In the same spirit, we would like to highlight the contribution of our work. We aim to offer a long-term, principled perspective on vision model development. The value of patchification scaling laws lies in showing that patch size is a reliable scaling dimension—even at today’s typical input scales, shrinking the patch size down to 1×1 continues to yield noticeable gains. This suggests that for those seeking to push the limits of model performance, reducing patch size remains a viable and promising direction.
Q3: Concerning the argument that the scaling law can be attributed to the information loss in the patch creation step . Why should this hold in the case where the hidden dimensions are large enough to simply stack the corresponding pixels?

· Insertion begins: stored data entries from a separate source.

(* Let $\gamma,\delta$ be positive integers, let $\varphi_{\gamma,\delta}(z)=(1+z)^{\gamma}(1+z^{-1})^{\delta}$, let $\mu$ be a partition of length $M=l(\mu)$, and let $N\ge M$. Then $$D_N^{\varnothing,\mu}(\varphi_{\gamma,\delta})=D_N(\varphi_{\gamma,\delta})\,\frac{G(N-M+1)}{G(N+1)}\,\frac{G(\delta+N+1)}{G(\delta+N-M+1)}\,s_{\mu'}(1^{\gamma})\prod_{k=1}^{M}\frac{(\mu_k+N-k)!}{(\delta+\mu_k+N-k)!}.$$
   Context: For a Laurent polynomial $f(z)=\sum_kd_kz^k$, $D_N(f)=\det(d_{j-k})_{j,k=1}^N$ and $D_N^{\varnothing,\mu}(f)=\det(d_{j-k+\mu_k})_{j,k=1}^N$, with $\mu_k=0$ for $k>l(\mu)$. Here $d_k=\binom{\gamma+\delta}{\delta+k}$ for $-\delta\le k\le\gamma$ and $0$ otherwise. $\mu'$ is the conjugate partition, and $s_{\mu'}(1^\gamma)$ is the Schur polynomial evaluated at $\gamma$ variables equal to $1$. $G$ is the Barnes $G$-function ($G(1)=1$, $G(z+1)=\Gamma(z)G(z)$). *)

From mathcomp Require Import all_boot all_order all_algebra.
Set Implicit Arguments. Unset Strict Implicit. Unset Printing Implicit Defensive.
Import Order.TTheory GRing.Theory Num.Theory.
Local Open Scope ring_scope.

Definition is_partition (mu : seq nat) : bool :=
  sorted geq mu && all (fun p => 0 < p)%N mu.

Definition conj_part (mu : seq nat) : seq nat :=
  [seq count (fun p => j < p)%N mu | j <- iota 0 (head 0%N mu)].

(* Semistandard Young tableaux of shape lam with entries in {1..n}:
   encoded as T : 'I_(l(lam)) * 'I_(lam_1) -> option 'I_n, value None meaning
   "cell (i,j) is not in the Young diagram", value Some e the entry e+1. *)
Definition in_shape (lam : seq nat) (i j : nat) : bool := (j < nth 0 lam i)%N.

Definition cells (lam : seq nat) := ('I_(size lam) * 'I_(head 0%N lam))%type.

Definition entry (n : nat) (o : option 'I_n) : nat :=
  if o is Some e then (e : nat) else 0%N.

Definition is_ssyt (n : nat) (lam : seq nat)
  (T : {ffun cells lam -> option 'I_n}) : bool :=
  [forall c : cells lam, (T c != None) == in_shape lam c.1 c.2] &&
  [forall c : cells lam, forall c' : cells lam,
     (in_shape lam c.1 c.2 && in_shape lam c'.1 c'.2) ==>
     ((((c.1 : nat) == c'.1) && (c'.2 == (c.2).+1 :> nat)) ==>
        (entry (T c) <= entry (T c'))%N) &&
     ((((c.2 : nat) == c'.2) && (c'.1 == (c.1).+1 :> nat)) ==>
        (entry (T c) < entry (T c'))%N)].

Definition schur (R : comPzRingType) (n : nat) (lam : seq nat) (x : 'I_n -> R) : R :=
  \sum_(T : {ffun cells lam -> option 'I_n} | is_ssyt T)
    \prod_(c : cells lam) (if T c is Some e then x e else 1).

(* Barnes G-function at positive integers: G(1)=1, G(n+1) = Gamma(n) G(n) = (n-1)! G(n),
   i.e. G(n) = prod_{i=0}^{n-2} i!. (Only used at positive integer arguments.) *)
Definition barnesG (n : nat) : nat := \prod_(i < n.-1) i`!.

(* Fourier coefficients d_k of phi_{gamma,delta}(z) = (1+z)^gamma (1+1/z)^delta. *)
Definition phi_coef (gamma delta : nat) (k : int) : rat :=
  if ((- (delta%:Z) <= k) && (k <= gamma%:Z)) then ('C(gamma + delta, absz (delta%:Z + k)))%:R
  else 0.

Definition toeplitzD (N : nat) (d : int -> rat) : rat :=
  \det (\matrix_(j < N, k < N) d (j%:Z - k%:Z)).

(* D_N^{empty,mu}(f) = det(d_{j-k+mu_k})_{j,k=1}^N, mu_k = 0 for k > l(mu).
   With 0-based indices j,k, mu_{k+1} = nth 0 mu k. *)
Definition toeplitzD_mu (N : nat) (mu : seq nat) (d : int -> rat) : rat :=
  \det (\matrix_(j < N, k < N) d (j%:Z - k%:Z + (nth 0%N mu k)%:Z)).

When the hidden dimension exceeds the total number of pixels within a patch, the patch embedding may theoretically support a lossless projection. However, in practice, the high-dimensional hidden features are optimized to represent the holistic semantic of the whole patch, rather than preserving the pixel-level representations. This is because the token mixing process (e.g., self-attention) is performed on patch-level features. That says, the different segments within a feature vector undergo the same operation in token mixing. Moreover, the hidden dimension cannot be flexibly scaled up since it quadratically increases parameter count for all linear projection layers and can easily lead to training collapse (e.g., also observed in Dehghani, et al., 2023).
Q4: Typo fig 3b.
Thanks. We will fix it in the revision.
Thank you for answering my questions.
@W1: When comparing this work and Kaplan 2020, I think there is still a difference regarding novelty/superprise factor of the results and scale/scope of the recpective experiments in favor of Kaplan 2020.
@W2: Was not solely about the distinction of your work, but also about the fact that your work does not mention any of these observations.
@Q1: If I read your answer corrrectly, you as well attribute the improved performance of models that use smaller patches to the increased capacity due to an exponential increase in neurons, which becomes even more relevant when the level of abstraction and sparseness increases. Combined with the fact that attention and feed forward layers use weight sharing, no additional parameters are introduced and overfitting/ training instabilities are less of a problem. Which is not exactly a preservation of information.
We appreciate your detailed response to our rebuttal.
@W1: We agree that Kaplan 2020, as the first work to propose scaling laws, undoubtedly has profound novelty and practical impact. However, our work fills the gap in previous visual scaling laws and introduces a new dimension orthogonal to parameter scaling, which provides valuable guidance for the future development of visual models.
@W2: In the paper, we discussed some prior observations that using smaller patch sizes can help improve performance. For example, in the Introduction, we note that previously, reducing DeiT's patch size to 8x8 resulted in significant performance gains (lines 28-31r), and Nguyen 2024 observed substantial gains using pixel patchification on small input images at a 28x28 resolution. We want to again highlight that these observations are sporadic, and our work systematically studies this issue and concludes it into a scaling law. In the revised version, we will provide a detailed summary of previous work on the impacts of patch size discoveries.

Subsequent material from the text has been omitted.